# DTG Print Blotchy Is This Normal?



## BasicTees (Jun 23, 2016)

Hi Guys,

Quick issue with DTG print: is this patchy/blotchyness to be expected with DTG print?

I just had my sample DTG stock printed to test out the different T-Shirts.

They're all printed on 100% cotton.

I'm not 100% sure whether the patchy print is part of DTG or the printer didn't do a white base on the darker colours. I've attached images.

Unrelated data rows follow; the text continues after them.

(* Let $n\geq 3$, let $\mathcal{F}$ be a maximal coclique of $\Gamma_{2n}$, and let $B$ be an $\mathcal{F}$-yellow $n$-space of $\mathrm{PG}(2n,q)$. Then the number of flags $(A',B')\in \mathcal{F}$ with pairwise distinct $n$-spaces $B'$ and with $A'\cap B=\emptyset$ (equivalently, the number of $n$-spaces $B'$ for which some $(A',B')\in\mathcal{F}$ has $A'\cap B=\emptyset$) is $\mathcal{O}(q^{n^2-1})$.
   Context: $\mathrm{PG}(2n,q)$ is the projective space of projective dimension $2n$ over the field of order $q$; an $i$-space is a subspace of projective dimension $i$. An $(n-1,n)$-flag is a pair $(A,B)$ with $A$ an $(n-1)$-space, $B$ an $n$-space and $A\subseteq B$. Two such flags $(A_1,B_1),(A_2,B_2)$ are opposite if $A_1\cap B_2=A_2\cap B_1=\emptyset$. $\Gamma_{2n}$ is the graph whose vertices are the $(n-1,n)$-flags, adjacent when opposite; a maximal coclique is an inclusion-maximal set of pairwise non-opposite flags. An $n$-space is $\mathcal{F}$-yellow if it occurs in at least $1$ and at most $\frac{q^{n}-1}{q-1}$ flags of $\mathcal{F}$. $\mathcal{O}(q^m)$ means bounded above by $Cq^m$ with $C$ depending only on $n$. *)

From HB Require Import structures.
From mathcomp Require Import all_boot all_order all_algebra all_field.
Set Implicit Arguments. Unset Strict Implicit. Unset Printing Implicit Defensive.
Import GRing.Theory.
Local Open Scope ring_scope.

(* Subspaces of a finite-dimensional vector space over a finite field form a
   finite type (needed to count flags / subspaces). *)
Section FinVspace.
Import VectorInternalTheory.
Variables (K : finFieldType) (vT : vectType K).
HB.instance Definition _ := [Countable of {vspace vT} by <:].
HB.instance Definition _ := [Finite of {vspace vT} by <:].
End FinVspace.
(* Let $A$ and $B$ be connected graded $k$-algebras generated in degree $1$. Suppose that $d=\dim_k A_1<\infty$ and that $A_{\ge1}$ is the unique codimension $1$ ideal of $A$ with tangent dimension $d$. If $A\cong B$ as ungraded algebras, then $A\cong B$ as graded algebras.
   Context: A connected graded algebra satisfies $A_0=k$, and $A_{\ge1}=\bigoplus_{i\ge1}A_i$. A codimension $1$ ideal of tangent dimension $s$ in an algebra $R$ is a two-sided ideal $I$ with $\dim_k R/I=1$ and $\dim_k I/I^2=s$. *)

(* Algebras over a field k are MathComp [algType k]
   (associative, unital); gradings and quotient dimensions are defined
   literally since the algebras may be infinite dimensional. *)
From HB Require Import structures.
From mathcomp Require Import all_boot all_order all_algebra.
Set Implicit Arguments. Unset Strict Implicit. Unset Printing Implicit Defensive.
Import GRing.Theory.
Local Open Scope ring_scope.

Section Defs.
Variables (k : fieldType) (A : algType k).

Definition subspace (P : A -> Prop) : Prop :=
  P 0 /\ (forall (a : k) x y, P x -> P y -> P (a *: x + y)).

Definition two_sided_ideal (I : A -> Prop) : Prop :=
  subspace I /\ (forall a x, I x -> I (a * x)) /\ (forall a x, I x -> I (x * a)).

Definition ideal_sq (I : A -> Prop) : A -> Prop := fun z =>
  exists (n : nat) (f g : nat -> A),
    (forall i, I (f i)) /\ (forall i, I (g i)) /\ z = \sum_(i < n) f i * g i.

(* dim_k P/Q = n  (for subspaces Q <= P): the classes of b_0..b_{n-1}
   form a basis of P/Q. *)
Definition qdim (P Q : A -> Prop) (n : nat) : Prop :=
  exists b : 'I_n -> A,
    (forall i, P (b i)) /\
    (forall x, P x -> exists c : 'I_n -> k, Q (x - \sum_i c i *: b i)) /\
    (forall c : 'I_n -> k, Q (\sum_i c i *: b i) -> forall i, c i = 0).

Definition sdim (P : A -> Prop) (n : nat) : Prop := qdim P (fun x => x = 0) n.

Definition codim1_ideal_tdim (I : A -> Prop) (s : nat) : Prop :=
  two_sided_ideal I /\ qdim (fun _ => True) I 1 /\ qdim I (ideal_sq I) s.

Definition is_grading (G : nat -> A -> Prop) : Prop :=
  (forall i, subspace (G i)) /\
  (forall i j x y, G i x -> G j y -> G (i + j)%N (x * y)) /\
  (forall x, exists (n : nat) (f : nat -> A),
       (forall i, G i (f i)) /\ x = \sum_(i < n) f i) /\
  (forall (n : nat) (f : nat -> A), (forall i, G i (f i)) ->
       \sum_(i < n) f i = 0 -> forall i, (i < n)%N -> f i = 0).

Definition connected_graded (G : nat -> A -> Prop) : Prop :=
  is_grading G /\ (forall x, G 0%N x <-> exists c : k, x = c%:A).

Definition generated_in_deg1 (G : nat -> A -> Prop) : Prop :=
  forall S : A -> Prop,
    S 1 -> (forall (a : k) x y, S x -> S y -> S (a *: x + y)) ->
    (forall x y, S x -> S y -> S (x * y)) ->
    (forall x, G 1%N x -> S x) -> forall x, S x.

Definition pos_part (G : nat -> A -> Prop) : A -> Prop := fun x =>
  exists (n : nat) (f : nat -> A),
    (forall i, G i.+1 (f i)) /\ x = \sum_(i < n) f i.

End Defs.

Definition alg_iso (k : fieldType) (A B : algType k) (f : A -> B) : Prop :=
  (forall (a : k) x y, f (a *: x + y) = a *: f x + f y) /\
  (forall x y, f (x * y) = f x * f y) /\ f 1 = 1 /\ bijective f.

From HB Require Import structures.
From mathcomp Require Import all_boot all_order all_algebra.
From Stdlib Require Import ClassicalEpsilon.
Set Implicit Arguments. Unset Strict Implicit. Unset Printing Implicit Defensive.
Import GRing.Theory.
Local Open Scope ring_scope.

(* Transport along an ungraded isomorphism [phi : A -> B]
   preserves codimension 1 ideals together with their tangent dimensions.
   In an algebra generated in degree 1, the tangent space [J/J^2] of any
   codimension 1 ideal [J] is spanned by the classes of [z - e(z)], [z] of
   degree 1, where [e] is the augmentation of [J]; for [J = B_{>=1}] this is
   an isomorphism [B_1 ~ J/J^2].  Comparing [phi(A_{>=1})] and
   [phi^-1(B_{>=1})] in this way shows [dim B_1 = d], so [phi^-1(B_{>=1})] has
   tangent dimension [d] and, by uniqueness, equals [A_{>=1}].  Hence [phi]
   and its inverse preserve the filtrations by the powers of the augmentation
   ideals, and the associated graded map [x_n |-> (phi x_n)_n] is a graded
   isomorphism. *)

Lemma sum_ord_tail0 (V : zmodType) (g : nat -> V) N M :
  (forall i, (N <= i)%N -> g i = 0) -> (N <= M)%N ->
  \sum_(i < M) g i = \sum_(i < N) g i.
Proof.
move=> g0 NM; rewrite -(subnKC NM) big_split_ord /= [X in _ + X]big1 ?addr0 //.
by move=> i _; apply: g0; rewrite leq_addr.
Qed.

Section Subspaces.
Variables (k : fieldType) (A : algType k).
Implicit Types (P J : A -> Prop) (x y : A).

Lemma subspace0 P : subspace P -> P 0.
Proof. by case. Qed.

Lemma subspaceD P x y : subspace P -> P x -> P y -> P (x + y).
Proof. by case=> _ sP Px Py; have := sP 1 x y Px Py; rewrite scale1r. Qed.

Lemma subspaceZ P a x : subspace P -> P x -> P (a *: x).
Proof. by case=> P0 sP Px; have := sP a x 0 Px P0; rewrite addr0. Qed.

Lemma subspaceB P x y : subspace P -> P x -> P y -> P (x - y).
Proof.
by move=> sP Px Py; apply: subspaceD; rewrite // -scaleN1r; apply: subspaceZ.
Qed.

Lemma subspace_sum P (I : Type) (r : seq I) (Q : pred I) (F : I -> A) :
  subspace P -> (forall i, Q i -> P (F i)) -> P (\sum_(i <- r | Q i) F i).
Proof.
move=> sP PF; apply: (big_ind P) => //; first exact: subspace0.
by move=> x y; apply: subspaceD.
Qed.

Lemma ideal_sq_subspace J : subspace J -> subspace (ideal_sq J).
Proof.
move=> sJ; split.
  exists 0%N, (fun _ => 0), (fun _ => 0).
  by rewrite big_ord0; split=> [_|]; [|split=> // _]; apply: subspace0.
move=> a _ _ [n [f [g [Jf [Jg ->]]]]] [m [f' [g' [Jf' [Jg' ->]]]]].
exists (n + m)%N, (fun i => if (i < n)%N then a *: f i else f' (i - n)%N),
  (fun i => if (i < n)%N then g i else g' (i - n)%N).
split; last split.
- by move=> i; case: ifP => _ //; apply: subspaceZ.
- by move=> i; case: ifP.
- rewrite big_split_ord /= scaler_sumr; congr (_ + _).
    by apply: eq_bigr => -[i ltin] _ /=; rewrite ltin scalerAl.
  by apply: eq_bigr => i _; rewrite ltnNge leq_addr /= addKn.
Qed.

Lemma ideal_sq_mul J x y : J x -> J y -> ideal_sq J (x * y).
Proof.
move=> Jx Jy; exists 1%N, (fun _ => x), (fun _ => y).
by split=> //; split=> //; rewrite big_ord1.
Qed.

Lemma ideal_subspace J : two_sided_ideal J -> subspace J.
Proof. by case. Qed.

Lemma idealMr J a x : two_sided_ideal J -> J x -> J (x * a).
Proof. by case=> _ [_ JM]; apply: JM. Qed.

Lemma codim1_idealP J : two_sided_ideal J -> qdim (fun _ => True) J 1 ->
  (forall x, exists c, J (x - c *: 1)) /\ (forall c, J (c *: 1) -> c = 0).
Proof.
move=> iJ [b [_ [bspan bfree]]]; have sJ := ideal_subspace iJ.
set b0 := b ord0.
have span0 x : exists c, J (x - c *: b0).
  by have [c] := bspan x I; rewrite big_ord1; exists (c ord0).
have free0 c : J (c *: b0) -> c = 0.
  by move=> Jc; have := bfree (fun _ => c); rewrite big_ord1 => /(_ Jc ord0).
have [c1 Jc1] := span0 1.
have c1_neq0 : c1 != 0.
  apply/eqP=> c10; move: Jc1; rewrite c10 scale0r subr0 => J1.
  have : J (1 *: b0) by rewrite scale1r -[b0]mul1r; apply: idealMr.
  by move/free0/eqP; rewrite oner_eq0.
split=> [x|c Jc].
  have [c Jc] := span0 x; exists (c * c1^-1).
  have -> : x - (c * c1^-1) *: 1 = (x - c *: b0) - (c * c1^-1) *: (1 - c1 *: b0).
    rewrite scalerBr scalerA -mulrA mulVf // mulr1 opprB.
    by rewrite addrA subrK.
  by apply: subspaceB => //; apply: subspaceZ.
have : J ((c * c1) *: b0).
  have -> : (c * c1) *: b0 = c *: 1 - c *: (1 - c1 *: b0).
    by rewrite scalerBr opprB scalerA addrC subrK.
  by apply: subspaceB => //; apply: subspaceZ.
by move/free0/eqP; rewrite mulf_eq0 (negbTE c1_neq0) orbF => /eqP.
Qed.

Lemma qdim_eq P Q Q' n :
  (forall x, Q x <-> Q' x) -> qdim P Q n -> qdim P Q' n.
Proof.
move=> QQ' [b [Pb [bspan bfree]]]; exists b; split=> //; split.
  by move=> x Px; have [c Qc] := bspan x Px; exists c; apply/QQ'.
by move=> c /QQ'; apply: bfree.
Qed.

End Subspaces.

Section LinearMaps.
Variables (k : fieldType) (A B : algType k) (f : A -> B).
Hypothesis f_lin : forall (a : k) x y, f (a *: x + y) = a *: f x + f y.

Lemma lin0 : f 0 = 0.
Proof.
by have := f_lin 1 0 0; rewrite !scale1r addr0 => f00; apply: (addrI (f 0)); rewrite addr0 -f00.
Qed.

Lemma linD x y : f (x + y) = f x + f y.
Proof. by have := f_lin 1 x y; rewrite !scale1r. Qed.

Lemma linZ a x : f (a *: x) = a *: f x.
Proof. by have := f_lin a x 0; rewrite !addr0 lin0 addr0. Qed.

Lemma linB x y : f (x - y) = f x - f y.
Proof. by rewrite linD -scaleN1r linZ scaleN1r. Qed.

Lemma lin_sum (I : Type) (r : seq I) (P : pred I) (F : I -> A) :
  f (\sum_(i <- r | P i) F i) = \sum_(i <- r | P i) f (F i).
Proof. exact: (big_morph f linD lin0). Qed.

End LinearMaps.

Section Preimage.
Variables (k : fieldType) (A B : algType k) (f : A -> B) (g : B -> A).
Hypothesis f_lin : forall (a : k) x y, f (a *: x + y) = a *: f x + f y.
Hypothesis fM : forall x y, f (x * y) = f x * f y.
Hypothesis fK : cancel f g.
Hypothesis gK : cancel g f.

Lemma inv_lin (a : k) x y : g (a *: x + y) = a *: g x + g y.
Proof. by apply: (can_inj fK); rewrite gK f_lin !gK. Qed.

Lemma invM x y : g (x * y) = g x * g y.
Proof. by apply: (can_inj fK); rewrite gK fM !gK. Qed.

Lemma preim_ideal (J : B -> Prop) :
  two_sided_ideal J -> two_sided_ideal (fun x => J (f x)).
Proof.
move=> [[J0 Jlin] [JMl JMr]]; split.
  by split=> [|a x y Jx Jy]; rewrite ?lin0 ?f_lin //; apply: Jlin.
by split=> a x Jx; rewrite fM; [apply: JMl|apply: JMr].
Qed.

Lemma preim_ideal_sq (J : B -> Prop) x :
  ideal_sq (fun x => J (f x)) x <-> ideal_sq J (f x).
Proof.
split=> [[n [u [v [Ju [Jv ->]]]]]|[n [u [v [Ju [Jv fx]]]]]].
  exists n, (fun i => f (u i)), (fun i => f (v i)); split=> //; split=> //.
  by rewrite (lin_sum f_lin); apply: eq_bigr => i _; rewrite fM.
exists n, (fun i => g (u i)), (fun i => g (v i)).
split=> [i|]; first by rewrite gK.
split=> [i|]; first by rewrite gK.
apply: (can_inj fK); rewrite (lin_sum f_lin) fx.
by apply: eq_bigr => i _; rewrite fM !gK.
Qed.

Lemma preim_qdim (P Q : B -> Prop) n :
  qdim P Q n -> qdim (fun x => P (f x)) (fun x => Q (f x)) n.
Proof.
have fsum (c : 'I_n -> k) b : f (\sum_i c i *: g (b i)) = \sum_i c i *: b i.
  by rewrite (lin_sum f_lin); apply: eq_bigr => i _; rewrite (linZ f_lin) gK.
move=> [b [Pb [bspan bfree]]]; exists (fun i => g (b i)).
split=> [i|]; first by rewrite gK.
split=> [x Px|c]; last by rewrite fsum; apply: bfree.
by have [c Qc] := bspan _ Px; exists c; rewrite (linB f_lin) fsum.
Qed.

Lemma preim_codim1_ideal_tdim (J : B -> Prop) s :
  codim1_ideal_tdim J s -> codim1_ideal_tdim (fun x => J (f x)) s.
Proof.
move=> [iJ [codimJ tdimJ]]; split; first exact: preim_ideal.
split; first exact: (preim_qdim codimJ).
apply: (qdim_eq (Q := fun x => ideal_sq J (f x))); last exact: (preim_qdim tdimJ).
by move=> x; rewrite preim_ideal_sq.
Qed.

Is this to be expected with DTG printing?


----------



## BasicTees (Jun 23, 2016)

Another pic.


----------



## wncprinter (Sep 15, 2017)

Looks like it could be your pretreat. 

What are you using? Seems like a little more on the dark shirts might help.


----------



## BasicTees (Jun 23, 2016)

wncprinter said:


> Looks like it could be your pretreat.
> 
> What are you using? Seems like a little more on the dark shirts might help.


Not sure what pre-treat was used. This was done a printing company.


----------



## wncprinter (Sep 15, 2017)

Not sure how to address this with a 3rd party, but in my experience with the Epson F2000 White Edition, we can up the settings a bit to get a little more opacity with the white.

Ours is set up to do two passes, and we have the opacity cranked up.


----------